Policymakers often choose a policy bundle that is a combination of different interventions in different dosages. We develop a new technique—treatment variant aggregation (TVA)—to select a policy from a large factorial design. TVA pools together policy variants that are not meaningfully different and prunes those deemed ineffective. This allows us to restrict attention to aggregated policy variants, consistently estimate their effects on the outcome, and estimate the best policy effect adjusting for the winner’s curse. We apply TVA to a large randomized controlled trial that tests interventions to stimulate demand for immunization in Haryana, India. The policies under consideration include reminders, incentives, and local ambassadors for community mobilization. Cross-randomizing these interventions, with different dosages or types of each intervention, yields 75 combinations. The policy with the largest impact (which combines incentives, ambassadors who are information hubs, and reminders) increases the number of immunizations by 44% relative to the status quo. The most cost-effective policy (information hubs, ambassadors, and SMS reminders but no incentives) increases the number of immunizations per dollar by 9.1% relative to status quo.

Abstract

This is an absolutely superb paper tackling a hugely important policy question. The authors develop a new econometric approach to aggregating high-dimensional factorial designs in RCTs in order to identify the most effective policies, and apply it to the question of increasing childhood immunization rates. I am thoroughly impressed by every aspect of this paper: the dataset used, the specific treatment arms used, the policy relevance, and the approach to identifying the best policy.

Summary Measures1

We asked evaluators to give some overall assessments, in addition to ratings across a range of criteria. See the evaluation summary “metrics” for a more detailed breakdown of this. See these ratings in the context of all Unjournal ratings, with some analysis, in our data presentation here.2

Rating

90% Credible Interval

Overall assessment3

98/100

96 - 100

Journal rank tier, normative rating4

5.0/5

5.0 - 5.0

Overall assessment: We asked evaluators to rank this paper “heuristically” as a percentile “relative to all serious research in the same area that you have encountered in the last three years.” We requested they “consider all aspects of quality, credibility, importance to knowledge production, and importance to practice.”

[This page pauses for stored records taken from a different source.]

Lemma cap_parameters delta c g s : 0 < delta < 1 -> 0 <= c -> 0 <= s ->
  c ^+ 2 = (1 + delta) / 2 -> g ^+ 2 = (1 - delta) / 2 -> s ^+ 2 = (5 + 3 * delta) / 8 ->
  [/\ 0 <= c < s, delta <= s, c * delta <= s,
    delta <= s * c & 2 * s * c * delta <= delta ^+ 2 + s ^+ 2 - g ^+ 2].
Proof.
move=> /andP[d0 d1] c0 s0 c2 g2 s2; have d0' := ltW d0.
have sc2 : (s * c) ^+ 2 = (5 + 3 * delta) * (1 + delta) / 16 by rewrite exprMn s2 c2; field.
split.
- by rewrite c0 /= -(ltr_pXn2r (n := 2)) ?nnegrE // c2 s2; lra.
- by rewrite -(ler_pXn2r (n := 2)) ?nnegrE // s2; nra.
- rewrite -(ler_pXn2r (n := 2)) ?nnegrE ?mulr_ge0 // exprMn c2 s2.
  have : 0 < (1 - delta) * (5 + 8 * delta + 4 * delta ^+ 2) by apply: mulr_gt0; nra.
  by nra.
- rewrite -(ler_pXn2r (n := 2)) ?nnegrE ?mulr_ge0 // sc2.
  have : 0 < (1 - delta) * (5 + 13 * delta) by apply: mulr_gt0; lra.
  by nra.
set q := delta ^+ 2 + (1 + 7 * delta) / 8.
have q0 : 0 <= q by rewrite /q; nra.
have p0 : 0 <= 2 * (s * c) * delta by rewrite !mulr_ge0.
have sq : (2 * (s * c) * delta) ^+ 2 <= q ^+ 2.
  rewrite -subr_ge0.
  have -> : q ^+ 2 - (2 * (s * c) * delta) ^+ 2
      = (1 - delta) ^+ 2 * (16 * delta ^+ 2 + 16 * delta + 1) / 64.
    by rewrite !exprMn s2 c2 /q; field.
  by apply: divr_ge0 => //; apply: mulr_ge0; [exact: sqr_ge0 | nra].
have {}sq : 2 * (s * c) * delta <= q by rewrite -(ler_pXn2r (n := 2)) ?nnegrE.
rewrite /q in sq; lra.
Qed.

End real_inequalities.

Section near_direction.
Variables (R : rcfType) (d : nat).
Implicit Types x v : 'I_d -> R.

Lemma sqrt_perturb_le (delta t E : R) : 0 < delta < 1 ->
  - ((1 - delta) / 2) <= t -> 0 <= E -> E <= ((1 - delta) / 2) ^+ 2 ->
  delta * Num.sqrt (1 + 2 * t + E) <= 1 + t.
Proof.
move=> /andP[d0 d1] ht E0 hE.
have lhs0 : 0 <= delta * Num.sqrt (1 + 2 * t + E) by rewrite mulr_ge0 ?sqrtr_ge0 ?ltW.
have rhs0 : 0 <= 1 + t by lra.
rewrite -(ler_pXn2r (n := 2)) ?nnegrE // exprMn sqr_sqrtr; last lra.
have h1 : ((1 + delta) / 2) ^+ 2 <= (1 + t) ^+ 2 by rewrite ler_pXn2r ?nnegrE //; lra.
have h2 : delta ^+ 2 * E <= E by rewrite ler_piMl // expr_le1 //; lra.
have h3 : 0 <= delta ^+ 2 * t ^+ 2 by rewrite mulr_ge0 ?sqr_ge0.
have h4 : (1 - delta ^+ 2) * ((1 + delta) / 2) ^+ 2 <= (1 - delta ^+ 2) * (1 + t) ^+ 2.
  by rewrite ler_wpM2l //; nra.
have h5 : ((1 - delta) / 2) ^+ 2 <= (1 - delta ^+ 2) * ((1 + delta) / 2) ^+ 2.
  rewrite -subr_ge0.
  have -> : (1 - delta ^+ 2) * ((1 + delta) / 2) ^+ 2 - ((1 - delta) / 2) ^+ 2
    = (1 - delta) * ((1 + delta) ^+ 3 - (1 - delta)) / 4 by field.
  by apply: divr_ge0 => //; apply: mulr_ge0; nra.
have -> : delta ^+ 2 * (1 + 2 * t + E) = (1 + t) ^+ 2
    - ((1 - delta ^+ 2) * (1 + t) ^+ 2 + delta ^+ 2 * t ^+ 2 - delta ^+ 2 * E) by ring.
lra.
Qed.

Lemma near_unit_dir (delta : R) x v : 0 < delta < 1 -> \sum_i x i ^+ 2 = 1 ->
  \sum_i (v i - x i) ^+ 2 <= ((1 - delta) / 2) ^+ 2 ->
  0 < \sum_i v i ^+ 2 /\ delta * Num.sqrt (\sum_i v i ^+ 2) <= \sum_i x i * v i.
Proof.
move=> hd x1 hE; have /andP[d0 d1] := hd.
set eta := (1 - delta) / 2; set e := fun i => v i - x i.
set t := \sum_i x i * e i; set E := \sum_i e i ^+ 2.
have {}hE : E <= eta ^+ 2 by [].
have E0 : 0 <= E by apply: sumr_ge0 => i _; exact: sqr_ge0.
have vE : \sum_i v i ^+ 2 = \sum_i x i ^+ 2 + 2 * t + E.
  by rewrite /t /E mulr_sumr -!big_split; apply: eq_bigr => i _; rewrite /e /=; ring.
have xvE : \sum_i x i * v i = \sum_i x i ^+ 2 + t.
  by rewrite /t -big_split; apply: eq_bigr => i _; rewrite /e /=; ring.
rewrite x1 in vE xvE.
(* [0 <= |eta x + e|^2 = eta^2 + 2 eta t + E] bounds [t] from below *)
have ht : - eta <= t.
  have : 0 <= \sum_i (eta * x i + e i) ^+ 2 by apply: sumr_ge0 => i _; exact: sqr_ge0.
  have -> : \sum_i (eta * x i + e i) ^+ 2 = eta ^+ 2 * \sum_i x i ^+ 2 + 2 * eta * t + E.
    by rewrite /t /E !mulr_sumr -!big_split; apply: eq_bigr => i _ /=; ring.
  rewrite x1 mulr1 => h.
  have eta0 : 0 < eta by rewrite /eta; lra.
  have : 0 <= eta * (eta + t) by nra.
  by rewrite pmulr_rge0 //; lra.
rewrite vE xvE; split; first by rewrite /eta in ht; lra.
exact: sqrt_perturb_le hd ht E0 hE.
Qed.

End near_direction.

Section householder.
Variables (R : realFieldType) (n : nat).

Definition householder (w : 'rV[R]_n) : 'M[R]_n :=
  1%:M - (2 / (w *m w^T) 0 0) *: (w^T *m w).

Lemma householder_orthogonal w : householder w *m (householder w)^T = 1%:M.
Proof.
set a := (w *m w^T) 0 0; set k := 2 / a; set W := w^T *m w.
have WW : W *m W = a *: W.
  by rewrite /W mulmxA -(mulmxA w^T) [w *m w^T]mx11_scalar mul_mx_scalar -scalemxAl.
have WT : W^T = W by rewrite /W trmx_mul trmxK.
have kka : k * k * a = k + k.
  rewrite /k; have [->|a0] := eqVneq a 0; last by field.
  by rewrite invr0 !(mulr0, mul0r, addr0).
rewrite /householder -/a -/k -/W [(_ - _)^T]linearB /= [(_ *: _)^T]linearZ /= trmx1 WT.
rewrite mulmxBr mulmx1 mulmxBl mul1mx -scalemxAr -scalemxAl WW !scalerA kka.
by rewrite scalerDl opprB addrK subrK.
Qed.

End householder.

Journal rank tier, normative rating (0-5): “On a ‘scale of journals’, what ‘quality of journal’ should this be published in? (See ranking tiers discussed here)” Note: 0= lowest/none, 5= highest/best”.

See here for the full evaluator guidelines, including further explanation of the requested ratings.

Written report

This is an absolutely superb paper tackling a hugely important policy question. The authors develop a new econometric approach to aggregating high-dimensional factorial designs in RCTs in order to identify the most effective policies, and apply it to the question of increasing childhood immunization rates. I am thoroughly impressed by every aspect of this paper: the dataset used, the specific treatment arms used, the policy relevance, and the approach to identifying the best policy. The overall takeaways of the paper are not only of particular policy relevance but also provide key insight into the economics of reminders.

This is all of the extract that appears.